China said to be buying U.S. mortgages
The China Investment Corp. is set to invest up to $2 billion in mortgage-backed securities because it considers the housing market set for a recovery.
HONG KONG (Reuters) -- China's $200 billion sovereign wealth fund, which suffered big paper losses on stakes in Morgan Stanley (MS, Fortune 500) and Blackstone (BX), is set to invest up to $2 billion in U.S. mortgages as it eyes a property market recovery, two people with direct knowledge of the matter said Monday.
China Investment Corp. (CIC) plans to invest soon in U.S. taxpayer subsidized investment funds of toxic mortgage-backed securities, which it sees as a safer bet than buying into the Federal Reserve's Term Asset-Backed Securities Loan Facility (TALF).
Under the Public-Private Investment Plan (PPIP) launched earlier this year, the U.S. government plans to seed a number of public-private investment funds that would combine taxpayer money with private capital to buy as much as $40 billion in toxic securities from banks.
Compared with TALF, the new and smaller PPIP program focuses on safer toxic securities, which must have triple-A ratings from at least two agencies, and are debts guaranteed by the Federal Deposit Insurance Corporation (FDIC), sources explained.

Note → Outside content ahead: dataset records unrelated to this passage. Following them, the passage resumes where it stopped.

Lemma continuous_family_eps_delta (f : nat -> R -> R) n t :
  (forall j, (j <= n)%nat -> continuous (f j) t) -> forall eps, 0 < eps ->
  exists d, 0 < d /\ forall t', Rabs (t' - t) < d ->
    forall j, (j <= n)%nat -> Rabs (f j t' - f j t) < eps.
Proof.
  induction n; intros H eps Heps.
  - destruct (continuous_eps_delta (f O) t (H O (le_n O)) eps Heps) as [d [Hd Hf]].
    exists d; split; auto; intros t' Ht' j Hj.
    replace j with O by lia; auto.
  - destruct (IHn ltac:(auto) eps Heps) as [d1 [Hd1 Hf1]].
    destruct (continuous_eps_delta (f (S n)) t (H (S n) (le_n _)) eps Heps)
      as [d2 [Hd2 Hf2]].
    exists (Rmin d1 d2); split; [apply Rmin_pos; auto |]; intros t' Ht' j Hj.
    pose proof (Rmin_l d1 d2); pose proof (Rmin_r d1 d2).
    destruct (Nat.eq_dec j (S n)) as [-> | Hjn]; [apply Hf2 | apply Hf1]; lra || lia.
Qed.

Lemma Rabs_lerp_le c d l : 0 <= l <= 1 -> Rabs (c + l * (d - c)) <= Rabs c + Rabs d.
Proof.
  intros Hl; replace (c + l * (d - c)) with ((1 - l) * c + l * d) by ring.
  eapply Rle_trans; [apply Rabs_triang |].
  rewrite !Rabs_mult, (Rabs_right (1 - l)), (Rabs_right l) by lra.
  pose proof (Rabs_pos c); pose proof (Rabs_pos d); nra.
Qed.

Lemma lerp_sq_le c d l : 0 <= l <= 1 -> (c + l * (d - c)) ^ 2 <= c ^ 2 + d ^ 2.
Proof.
  intros Hl.
  (* convexity of the square: the gap is l (1 - l) (c - d)^2 *)
  assert (0 <= l * (1 - l) * (c - d) ^ 2) by (apply Rmult_le_pos; [nra | apply pow2_ge_0]).
  pose proof (pow2_ge_0 c); pose proof (pow2_ge_0 d); nra.
Qed.

Section Cells.
Variable e : R.
Hypothesis He : 0 < e.

Lemma cell_end_le j i : (j < i)%nat -> INR (S j) * e <= INR i * e.
Proof. intros H; apply Rmult_le_compat_r; [lra | apply le_INR; lia]. Qed.

Lemma cell_coord_bound i X : INR i * e <= X <= INR (S i) * e -> 0 <= (X - INR i * e) / e <= 1.
Proof.
  intros HX; rewrite S_INR in HX; split.
  - apply Rdiv_le_0_compat; lra.
  - apply Rmult_le_reg_r with e; auto; field_simplify; lra.
Qed.

Lemma ind_cell_in i X : INR i * e <= X < INR (S i) * e -> Defs.ind (INR i * e) (INR (S i) * e) X = 1.
Proof. intros [H1 H2]; unfold Defs.ind; destruct Rle_dec; [destruct Rlt_dec |]; lra. Qed.

Lemma ind_cell_out i j X : INR i * e <= X < INR (S i) * e -> j <> i ->
  Defs.ind (INR j * e) (INR (S j) * e) X = 0.
Proof.
  intros [H1 H2] Hij; unfold Defs.ind.
  destruct (Nat.lt_ge_cases j i) as [Hji | Hij'].
  - pose proof (cell_end_le j i Hji); destruct Rle_dec; [destruct Rlt_dec |]; lra.
  - pose proof (cell_end_le i j ltac:(lia)); destruct Rle_dec; lra.
Qed.

Lemma sumR_ind_cell n F i X : (i < n)%nat -> INR i * e <= X < INR (S i) * e ->
  sumR n (fun j => F j * Defs.ind (INR j * e) (INR (S j) * e) X) = F i.
Proof.
  intros Hi HX; rewrite (sumR_single n _ i Hi).
  - rewrite ind_cell_in by exact HX; ring.
  - intros j _ Hji; rewrite (ind_cell_out i j X HX Hji); ring.
Qed.

Lemma exists_cell n X : 0 <= X < INR n * e ->
  exists i, (i < n)%nat /\ INR i * e <= X < INR (S i) * e.
Proof.
  induction n; intros [H1 H2]; [simpl in H2; lra |].
  destruct (Rlt_dec X (INR n * e)).
  - destruct IHn as [i [Hi HX]]; [lra |]; exists i; split; auto.
  - exists n; split; [lia | lra].
Qed.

"In this case, CIC feels safer to invest and the safer it feels, the more confident it will naturally feel about its investments, as well as in the prospects for the U.S. economy," said one of the sources.
The move comes after the United States and China ended their first annual Strategic and Economic Dialogue late last month, agreeing to lead the global economy out of recession, with China seeking safer investments in the world's leading economy.
"The Chinese government is always trying to seek a more ideal way to invest in U.S. assets rather than purely buying U.S. government bonds all the time," said the source.
"Some might think $2 billion for a $200 billion sovereign fund is not big money, but it can be regarded as an innovative and positive option for Chinese investment."
CIC is in talks with nine designated PPIP managers, which include Alliance Bernstein LP, with sub-advisers Greenfield Partners LLC and Rialto Capital Management LLC; Angelo Gordon and Co. LP, with GE Capital Real Estate; BlackRock Inc.; Invesco Ltd.; Marathon Asset Management LP; Oaktree Capital Management LP; RLJ Western Asset Management LP; Trust Company of the West; and Wellington Management Co. LLP, said the sources.
Choices to be made: CIC is expected to decide this month which of the nine designated PPIP managers it will mandate for its investments in financial products such as mortgage-backed securities (MBS) under the PPIP scheme, said the sources.
The fund is likely to select several, though not all, of the firms, said the sources, who have direct knowledge of the matter but asked not to be identified as the talks are confidential. CIC cannot invest directly in the PPIP.
CIC declined to comment.
Early this year, some U.S. asset managers approached CIC to invest in their funds focused on the TALF, the sources said, but the Chinese declined given the uncertain outlook at the time for U.S. economic recovery.
They noted, however, that these TALF-focused funds performed well in the second quarter as global markets perked up following the long financial crisis triggered by the U.S. property market.
CIC, established by China's Communist government in late 2007, is keen to participate in the PPIP as it expects the U.S. property market to recover gradually late this year, said the sources.
The U.S. Treasury has been informed that the nine designated PPIP managers are in talks to receive CIC money, and supports bringing foreign investors like CIC into the PPIP program, said the sources.
In June, Reuters reported Asia-Pacific sovereign wealth funds, including CIC and Singapore's Temasek, which have been rocked by soured bets on western financial companies, are diversifying into the riskier arena of distressed asset investments.
CIC's $200 billion fund is part of China's roughly $2 trillion of foreign exchange reserves, and the majority of its reserves are in U.S. government bonds.